Вместе с тем различия во взглядах вовсе не мешали дружескому общению молодых московских либералов, начинавших свою профессорскую карьеру, с Константином Кавелиным. Их знакомство состоялось во время пребывания Кавелина в Москве в середине 1880 года. Члены этого «милейшего» (по определению Кавелина) кружка, в особенности Ковалевский, Чупров, Гольцев, и патриарх русского либерализма Кавелин испытывали большой взаимный интерес и симпатию. Общение Гольцева с Кавелиным продолжалось до самой смерти этого друга Грановского и Герцена, подчас при драматических обстоятельствах, когда Кавелину пришлось даже хлопотать о вызволении Виктора Александровича из тюрьмы. «От последнего моего пребывания в Москве, наших свиданий и бесед, на меня так и повеяло сороковыми годами, – писал Кавелин Гольцеву 13 июня 1884 года. – Люди другие, обстоятельства и обстановка другие, вопросы другие, – а дух тот же самый! Невольно и незаметно молодеешь в вашем кружке, – не воспоминаниями о прошедшем невозвратном, а потому, что это прошедшее есть вместе и продолжающее жить под новыми формами, вечно свежее, молодое, живучее…»
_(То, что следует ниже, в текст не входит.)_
(* Let $F(\xi,p)=(\sigma(\xi),f_{\xi_0}(p))$ be a step skew-product on $\Sigma_N\times I$, $I=[0,1]$, with $f_i$ $C^1$-diffeomorphisms onto their images, and let $\mathcal I_P,\mathcal I_R,A,\Sigma_A,\sigma_A,\pi$, $\overline{\,\cdot\,}$ be as in the context. Let $R(x)=1-x$ and let $G(\omega,x)=(\sigma_A(\omega),g_{\omega_0}(x))$ on $\Sigma_A\times I$ with $g_i=f_i$, $g_{i+N}=R\circ f_i\circ R$ for $i\in\mathcal I_P$ and $g_i=R\circ f_i$, $g_{i+N}=f_i\circ R$ for $i\in\mathcal I_R$. Let $C=\{\omega\in\Sigma_A\colon\omega_0\in\{1,\ldots,N\}\}$ and define $\Pi\colon\Sigma_A\times I\to\Sigma_N\times I$ by $\Pi(\omega,x)=(\pi(\omega),x)$ if $\omega\in C$ and $\Pi(\omega,x)=(\pi(\omega),R(x))$ otherwise. Then $\Pi$ is a two-to-one semi-conjugation between $G$ and $F$, i.e. $\Pi$ is continuous, surjective, every point has exactly two preimages, and $\Pi\circ G=F\circ\Pi$.
   Context: $\mathcal I_P$ (resp. $\mathcal I_R$) is the set of $i$ such that $f_i$ preserves (resp. reverses) orientation. $A=(a_{ij})_{i,j=1}^{2N}$ with $a_{ij}=1$ if ($i\in\mathcal I_P$, $j\le N$), or ($i\in\mathcal I_R$, $j>N$), or ($i-N\in\mathcal I_P$, $j>N$), or ($i-N\in\mathcal I_R$, $j\le N$), and $a_{ij}=0$ otherwise. $\Sigma_A$ is the set of sequences $\omega\in\{1,\ldots,2N\}^{\mathbb Z}$ with $a_{\omega_n\omega_{n+1}}=1$ for all $n$, $\sigma_A$ its shift; $\overline i=i$ for $i\le N$, $\overline i=i-N$ for $i>N$; $\pi(\omega)_n=\overline{\omega_n}$. *)

From HB Require Import structures.
From mathcomp Require Import all_boot all_order all_algebra.
From mathcomp Require Import all_classical all_reals all_analysis.
Import Order.TTheory GRing.Theory Num.Theory.
Import numFieldNormedType.Exports.

Set Implicit Arguments.
Unset Strict Implicit.
Unset Printing Implicit Defensive.

Local Open Scope classical_set_scope.
Local Open Scope ring_scope.

(* Two-sided sequences of symbols, with the product (pointwise) topology;
   nat carries the discrete topology.  Symbols are 1-based, as in the paper. *)
Definition seqZ := {ptws int -> nat}.

Section Defs.
Variable R : realType.

Definition inI (x : R) : Prop := 0 <= x <= 1.

Definition C1_diffeo_onto_image (f : R -> R) : Prop :=
  [/\ (forall x, inI x -> inI (f x)),
      (forall x y, inI x -> inI y -> f x = f y -> x = y),
      (forall x, inI x -> derivable f x 1),
      {within `[0, 1], continuous (derive1 f)} &
      (forall x, inI x -> derive1 f x != 0)].

Definition orient_pres (f : R -> R) : Prop :=
  forall x y, inI x -> inI y -> x < y -> f x < f y.
Definition orient_rev (f : R -> R) : Prop :=
  forall x y, inI x -> inI y -> x < y -> f y < f x.

Variables (N : nat) (f : nat -> R -> R).

Definition IP (i : nat) : Prop := (1 <= i <= N)%N /\ orient_pres (f i).
Definition IR (i : nat) : Prop := (1 <= i <= N)%N /\ orient_rev (f i).

Definition amat (i j : nat) : Prop :=
  (IP i /\ (j <= N)%N) \/ (IR i /\ (N < j)%N) \/
  ((N < i)%N /\ IP (i - N) /\ (N < j)%N) \/
  ((N < i)%N /\ IR (i - N) /\ (j <= N)%N).

Definition SigmaN : set seqZ := [set xi | forall n, (1 <= xi n <= N)%N].
Definition SigmaA : set seqZ :=
  [set w | forall n, (1 <= w n <= N + N)%N /\ amat (w n) (w (n + 1))].

Definition shift (w : seqZ) : seqZ := fun n => w (n + 1).

Definition bar (i : nat) : nat := if (i <= N)%N then i else (i - N)%N.
Definition piA (w : seqZ) : seqZ := fun n => bar (w n).

Definition Fsk (p : seqZ * R) : seqZ * R := (shift p.1, f (p.1 0) p.2).

Definition Rf (x : R) : R := 1 - x.

Definition g (i : nat) : R -> R :=
  if (i <= N)%N then
    (if asbool (orient_pres (f i)) then f i else Rf \o f i)
  else
    (if asbool (orient_pres (f (i - N))) then Rf \o f (i - N) \o Rf
     else f (i - N) \o Rf).

Definition Gsk (p : seqZ * R) : seqZ * R := (shift p.1, g (p.1 0) p.2).

Definition Ccyl : set seqZ := [set w | (1 <= w 0 <= N)%N].

Definition PiMap (p : seqZ * R) : seqZ * R :=
  if asbool (Ccyl p.1) then (piA p.1, p.2) else (piA p.1, Rf p.2).

End Defs.

From HB Require Import structures.
From mathcomp Require Import all_boot all_order all_algebra.
From mathcomp Require Import all_classical all_reals all_analysis.
From mathcomp Require Import zify lra.
Import Order.TTheory GRing.Theory Num.Theory.
Import numFieldNormedType.Exports.

Set Implicit Arguments.
Unset Strict Implicit.
Unset Printing Implicit Defensive.

Local Open Scope classical_set_scope.
Local Open Scope ring_scope.

(* A point of Sigma_A is determined by its projection xi = pi(w) together with
   its sheet at time 0, the sheet of a symbol j being the boolean (N < j) that
   tells which copy of {1, ..., N} it lies in.  Indeed the transition matrix A
   says exactly that the sheet flips between times n and n + 1 iff f_(xi n)
   reverses orientation, and this recursion along Z has one solution for each
   initial value.  So the fibre of Pi over (xi, y) consists of the two points
   (w_b, R^b y), where w_b is the lift of xi starting in sheet b and R^b is R
   or the identity according to b.  Conjugating by R according to the sheets
   of w_0 and w_1 turns g_(w_0) into f_(xi_0), which gives Pi o G = F o Pi;
   continuity holds because pi acts coordinatewise and the choice between x
   and R x only depends on w_0. *)

Lemma cvg_ptws (I : Type) (V : topologicalType) (F : set_system (I -> V))
    (f : I -> V) :
  Filter F -> (forall t, (fun g => g t) @ F --> f t) ->
  F --> (f : {ptws I -> V}).
Proof.
move=> FF cvt; apply/cvg_sup => t A /=.
rewrite (@nbhsE (initial_topology (fun g : I -> V => g t))).
move=> -[B [[C oC <-] Bf] sBA].
by apply: filterS sBA _; apply: cvt; exact: open_nbhs_nbhs.
Qed.

Lemma near_coord (w : seqZ) (t : int) : \forall v \near w, v t = w t.
Proof.
by move/(discrete_cvg _ _ _): (@proj_continuous int (fun=> nat) t w).
Qed.

Lemma piA_continuous N : continuous (piA N).
Proof.
move=> w; apply: cvg_ptws => t; apply/discrete_cvg.
by move: (near_coord w t); apply: filterS => v /= vt; rewrite /piA vt.
Qed.

Lemma PiMap_continuous (R : realType) N : continuous (@PiMap R N).
Proof.
move=> [w x]; set c := asbool (Ccyl N w).
have PiMap_near : \forall p \near (w, x),
    (piA N p.1, if c then p.2 else Rf p.2) = PiMap N p.
  have : \forall p \near (w, x), p.1 0 = w 0.
    exact: (@cvg_fst _ _ (nbhs w) (nbhs x) _ _ (near_coord w 0)).
  apply: filterS => p e; have Cp : Ccyl N p.1 = Ccyl N w by rewrite /Ccyl /= e.
  by rewrite /PiMap Cp -/c; case: c.
apply: cvg_trans; first exact: (near_eq_cvg PiMap_near).
have -> : PiMap N (w, x) = (piA N w, if c then x else Rf x).
  by rewrite /PiMap -/c; case: c {PiMap_near}.
have fst_cvg : (fun p => piA N p.1) @ nbhs (w, x) --> piA N w.
  by apply: (cvg_comp fst (piA N)); [exact: cvg_fst | exact: piA_continuous].
have snd_cvg : (fun p => if c then p.2 else Rf p.2) @ nbhs (w, x) -->
    (if c then x else Rf x).
  case: c {PiMap_near}; first exact: cvg_snd.
  by apply: cvgB; [exact: cvg_cst | exact: cvg_snd].
exact: (cvg_pair fst_cvg snd_cvg).
Qed.

Definition xor_primitive (r : int -> bool) (b : bool) (n : int) : bool :=
  match n with
  | Posz k => b (+) \big[addb/false]_(0 <= i < k) r i
  | Negz k => b (+) \big[addb/false]_(0 <= i < k.+1) r (Negz i)
  end.

Lemma xor_primitive0 r b : xor_primitive r b 0%N = b.
Proof. by rewrite /= big_geq ?addbF. Qed.

Lemma xor_primitiveS r b n :
  xor_primitive r b (n + 1) = xor_primitive r b n (+) r n.
Proof.
case: n => [k|[|k]].
- by rewrite -PoszD addn1 /= big_nat_recr //= addbA.
- by rewrite /= big_nat1 big_geq // addbF addbK.
- have -> : Negz k.+1 + 1 = Negz k by rewrite !NegzE; lia.
  by rewrite /= [in RHS]big_nat_recr //= addbA addbK.
Qed.

Lemma shift_invariant_constant (T : Type) (d : int -> T) :
  (forall n, d (n + 1) = d n) -> forall n, d n = d 0.
Proof.
move=> dS; elim/int_rect => [//|n IH|n IH].
- by rewrite -IH -(dS n) -PoszD addn1.
- by rewrite -IH -(dS (- n.+1%:Z)); congr d; lia.
Qed.

Lemma xor_primitive_unique (r e : int -> bool) :
  (forall n, e (n + 1) = e n (+) r n) -> e =1 xor_primitive r (e 0).
Proof.
move=> eS n; set x := xor_primitive r (e 0).
have exS m : e (m + 1) (+) x (m + 1) = e m (+) x m.
  by rewrite eS /x xor_primitiveS addbACA addbb addbF.
have := @shift_invariant_constant _ (fun m => e m (+) x m) exS n.
rewrite /= big_geq // addbF addbb.
by move/(congr1 (addb^~ (x n))); rewrite addbK.
Qed.

Lemma orient_pres_rev_excl (R : realType) (h : R -> R) :
  orient_pres h -> ~ orient_rev h.
Proof.
have I0 : inI (0 : R) by rewrite /inI lexx ler01.
have I1 : inI (1 : R) by rewrite /inI lexx ler01.
move=> hp hr; have := lt_trans (hp 0 1 I0 I1 ltr01) (hr 0 1 I0 I1 ltr01).
by rewrite ltxx.
Qed.

Lemma C1_diffeo_orient (R : realType) (h : R -> R) :
  C1_diffeo_onto_image h -> orient_pres h \/ orient_rev h.
Proof.
move=> [_ h_inj h_der _ _].
have h_cont : {within [set` `[(0 : R), 1]], continuous h}.
  by apply: derivable_within_continuous => x; rewrite in_itv; exact: h_der.
have h_inj' : {in `[(0 : R), 1] &, injective h}.
  by move=> x y; rewrite !in_itv; exact: h_inj.
have [h_mono|h_mono] := itv_continuous_inj_mono h_cont h_inj'; [left|right];
  by move=> x y hx hy; apply: h_mono; rewrite in_itv.
Qed.

Definition flip (R : realType) (c : bool) (x : R) : R := if c then Rf x else x.

Lemma flipK (R : realType) (c : bool) : involutive (@flip R c).
Proof. by case: c => x //=; rewrite /Rf opprB addrC subrK. Qed.

Lemma inI_flip (R : realType) (c : bool) (x : R) : inI x -> inI (flip c x).
Proof.
by case: c => //=; rewrite /inI /Rf => /andP[? ?]; apply/andP; split; lra.
Qed.

Lemma PiMapE (R : realType) N (w : seqZ) (x : R) :
  (0 < w 0)%N -> PiMap N (w, x) = (piA N w, flip (N < w 0)%N x).
Proof.
move=> w0_gt0; rewrite /PiMap /Ccyl /flip /=.
by case: asboolP => hC; case: ltnP => hN //; exfalso; lia.
Qed.

Section Lift.
Variables (R : realType) (N : nat) (f : nat -> R -> R).
Hypothesis f_diffeo : forall i, (0 < i <= N)%N -> C1_diffeo_onto_image (f i).

Definition reverses (i : nat) : bool := ~~ `[< orient_pres (f i) >].

Lemma IPE i : IP N f i <-> (0 < i <= N)%N /\ ~~ reverses i.
Proof. by rewrite /IP /reverses negbK; split => -[? /asboolP]. Qed.

Lemma IRE i : IR N f i <-> (0 < i <= N)%N /\ reverses i.
Proof.
rewrite /IR /reverses; split => -[i_range hi]; split => //.
  by apply/asboolP => hp; exact: orient_pres_rev_excl hp hi.
have [/asboolP|//] := C1_diffeo_orient (f_diffeo i_range).
by rewrite (negbTE hi).
Qed.

Lemma amatE i j : (0 < i <= N + N)%N ->
  amat N f i j <-> (N < j)%N = (N < i)%N (+) reverses (bar N i).
Proof.
move=> i_range; rewrite /amat !IPE !IRE /bar.
case: (leqP i N) => hi; [case: (reverses i) | case: (reverses (i - N))]; lia.
Qed.

Lemma SigmaA_sheetS (w : seqZ) n : SigmaA N f w ->
  (N < w (n + 1)%R)%N = (N < w n)%N (+) reverses (bar N (w n)).
Proof. by case/(_ n) => w_range /(amatE _ w_range). Qed.

Definition lift_sym (c : bool) (i : nat) : nat := if c then (i + N)%N else i.

Lemma lift_sym_bar j : lift_sym (N < j)%N (bar N j) = j.
Proof. by rewrite /lift_sym /bar; case: leqP => hj //=; lia. Qed.

Section LiftSym.
Variables (c : bool) (i : nat).
Hypothesis i_range : (0 < i <= N)%N.

Lemma bar_lift_sym : bar N (lift_sym c i) = i.
Proof. by rewrite /bar /lift_sym; case: c; case: leqP => //; lia. Qed.

Lemma sheet_lift_sym : (N < lift_sym c i)%N = c.
Proof. by rewrite /lift_sym; case: c; lia. Qed.

Lemma lift_sym_range : (0 < lift_sym c i <= N + N)%N.
Proof. by rewrite /lift_sym; case: c; lia. Qed.

End LiftSym.

Definition lift (xi : seqZ) (b : bool) : seqZ :=
  fun n => lift_sym (xor_primitive (reverses \o xi) b n) (xi n).

Section LiftOfSigmaN.
Variables (xi : seqZ) (b : bool).
Hypothesis xi_SigmaN : SigmaN N xi.

Lemma piA_lift : piA N (lift xi b) = xi.
Proof. by apply: funext => n; rewrite /piA /lift bar_lift_sym. Qed.

Lemma sheet_lift n : (N < lift xi b n)%N = xor_primitive (reverses \o xi) b n.
Proof. exact: sheet_lift_sym. Qed.

Lemma lift_SigmaA : SigmaA N f (lift xi b).
Proof.
move=> n; have lift_range : (0 < lift xi b n <= N + N)%N.
  exact: lift_sym_range.
split => //.
apply/(amatE _ lift_range).
by rewrite !sheet_lift bar_lift_sym // xor_primitiveS.
Qed.

End LiftOfSigmaN.

Lemma piA_SigmaN (w : seqZ) : SigmaA N f w -> SigmaN N (piA N w).
Proof.
move=> w_SigmaA n; have [w_range _] := w_SigmaA n.
by rewrite /piA /bar; case: ifP; lia.
Qed.

Lemma SigmaA_lift (w : seqZ) : SigmaA N f w -> w = lift (piA N w) (N < w 0)%N.
Proof.
move=> w_SigmaA; apply: funext => n; rewrite /lift /=.
rewrite -(xor_primitive_unique (e := fun n => (N < w n)%N)) ?lift_sym_bar //.
by move=> m; rewrite SigmaA_sheetS.
Qed.

Lemma gE i x :
  g N f i x =
  flip ((N < i)%N (+) reverses (bar N i)) (f (bar N i) (flip (N < i)%N x)).
Proof. by rewrite /g /bar /reverses; case: (leqP i N); case: asboolP. Qed.

Lemma PiMap_Gsk (w : seqZ) x : SigmaA N f w ->
  PiMap N (Gsk N f (w, x)) = Fsk f (PiMap N (w, x)).
Proof.
move=> w_SigmaA; have /andP[w0_gt0 _] := (w_SigmaA 0).1.
have /andP[w1_gt0 _] := (w_SigmaA (0 + 1)).1.
by rewrite /Gsk !PiMapE //= gE (SigmaA_sheetS 0 w_SigmaA) flipK.
Qed.

Lemma PiMap_lift (xi : seqZ) b (y : R) :
  SigmaN N xi -> PiMap N (lift xi b, flip b y) = (xi, y).
Proof.
move=> xi_SigmaN; have /andP[lift0_gt0 _] : (0 < lift xi b 0 <= N + N)%N.
  exact: lift_sym_range.
by rewrite PiMapE // (sheet_lift b xi_SigmaN) xor_primitive0 flipK piA_lift.
Qed.

Lemma lift_inj (xi : seqZ) : SigmaN N xi -> injective (lift xi).
Proof.
move=> xi_SigmaN b1 b2 /(congr1 (fun w : seqZ => (N < w 0)%N)).
by rewrite !sheet_lift // !xor_primitive0.
Qed.

Lemma PiMap_fibre (w : seqZ) (x : R) xi y :
  SigmaA N f w -> PiMap N (w, x) = (xi, y) ->
  (w, x) = (lift xi (N < w 0)%N, flip (N < w 0)%N y).
Proof.
move=> w_SigmaA; have /andP[w0_gt0 _] := (w_SigmaA 0).1.
by rewrite PiMapE // => -[<- <-]; rewrite flipK -SigmaA_lift.
Qed.

End Lift.

Theorem lemma3p5 (R : realType) (N : nat) (f : nat -> R -> R) :
  (forall i, (1 <= i <= N)%N -> C1_diffeo_onto_image (f i)) ->
  let XA := SigmaA N f `*` [set x : R | inI x] in
  let XN := SigmaN N `*` [set x : R | inI x] in
  [/\ {within XA, continuous PiMap N},
      (forall p, XA p -> XN (PiMap N p)),
      (forall q, XN q -> exists p, XA p /\ PiMap N p = q),
      (forall q, XN q -> exists p1 p2,
          [/\ XA p1 /\ XA p2, p1 <> p2, PiMap N p1 = q, PiMap N p2 = q &
              forall p, XA p -> PiMap N p = q -> p = p1 \/ p = p2]) &
      (forall p, XA p -> PiMap N (Gsk N f p) = Fsk f (PiMap N p))].
Proof.
move=> f_diffeo XA XN.
have two_to_one : forall q, XN q -> exists p1 p2,
    [/\ XA p1 /\ XA p2, p1 <> p2, PiMap N p1 = q, PiMap N p2 = q &
        forall p, XA p -> PiMap N p = q -> p = p1 \/ p = p2].
  move=> [xi y] [/= xi_SigmaN y_inI].
  exists (lift N f xi false, flip false y), (lift N f xi true, flip true y).
  split.
  - by split; (split; [exact: lift_SigmaA | exact: inI_flip]).
  - by case=> /(lift_inj xi_SigmaN).
  - exact: PiMap_lift.
  - exact: PiMap_lift.
  move=> [w x] [/= w_SigmaA _] /(PiMap_fibre f_diffeo w_SigmaA) ->.
  by case: (N < w 0)%N; [right | left].
split.
- exact: continuous_subspaceT (@PiMap_continuous R N).
- move=> [w x] [/= w_SigmaA x_inI]; have /andP[w0_gt0 _] := (w_SigmaA 0).1.
  by rewrite PiMapE //; split; [exact: piA_SigmaN | exact: inI_flip].
- by move=> q /two_to_one [p1 [_ [[XA_p1 _] _ <- _ _]]]; exists p1.
- exact: two_to_one.
- by move=> [w x] [/= w_SigmaA _]; exact: PiMap_Gsk.
Qed.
Год 1880-й – последний из целиком отмеренных Александру II лет – был назван в передовице «Московских ведомостей» от 1 января 1881 года «годом кризиса и перехода», «годом, который не досказал своего слова и передает теперь своему преемнику неизвестное наследие». В этой меткой и настороженной характеристике, принадлежавшей Михаилу Каткову, действительно отразилось своеобразие переживаемого Россией периода. Это было время обманчивого революционного затишья (с 5 февраля 1880 года до 1 марта 1881 года «Народная воля» не провела ни одного террористического акта). И это был год последнего всплеска либеральных надежд.
В этот год в Москве стал выходить новый либеральный журнал «Русская мысль», автором внутренних обозрений которого, а затем и редактором всего издания стал В.А. Гольцев. В феврале 1881 года он был наконец утвержден и в должности доцента Московского университета, а осенью, с началом нового учебного года, открыл курс «Учение об управлении»…
Отвечая позднее на анкету «Русской мысли», Виктор Александрович по существу набросал основные штрихи политического автопортрета: «Чем бы я быть желал?» – «Политическим деятелем»; «Где бы я желал жить?» – «В России, но только свободной»; «Мои любимые писатели-прозаики?» – «Тургенев и Гончаров, Писемский и Толстой, Белинский и Герцен»; «Любимые мои герои действительности?» – «Вашингтон, Гарибальди, Гамбетта»; «Что я всего более ненавижу?» – «Деспотизм»; «Военный подвиг, который приводит меня в восторг?» – «Такого нет»; «Реформа, наиболее мною чтимая в истории?» – «Освобождение крестьян в России»; «Мой девиз?» – «Труд и политическая свобода…».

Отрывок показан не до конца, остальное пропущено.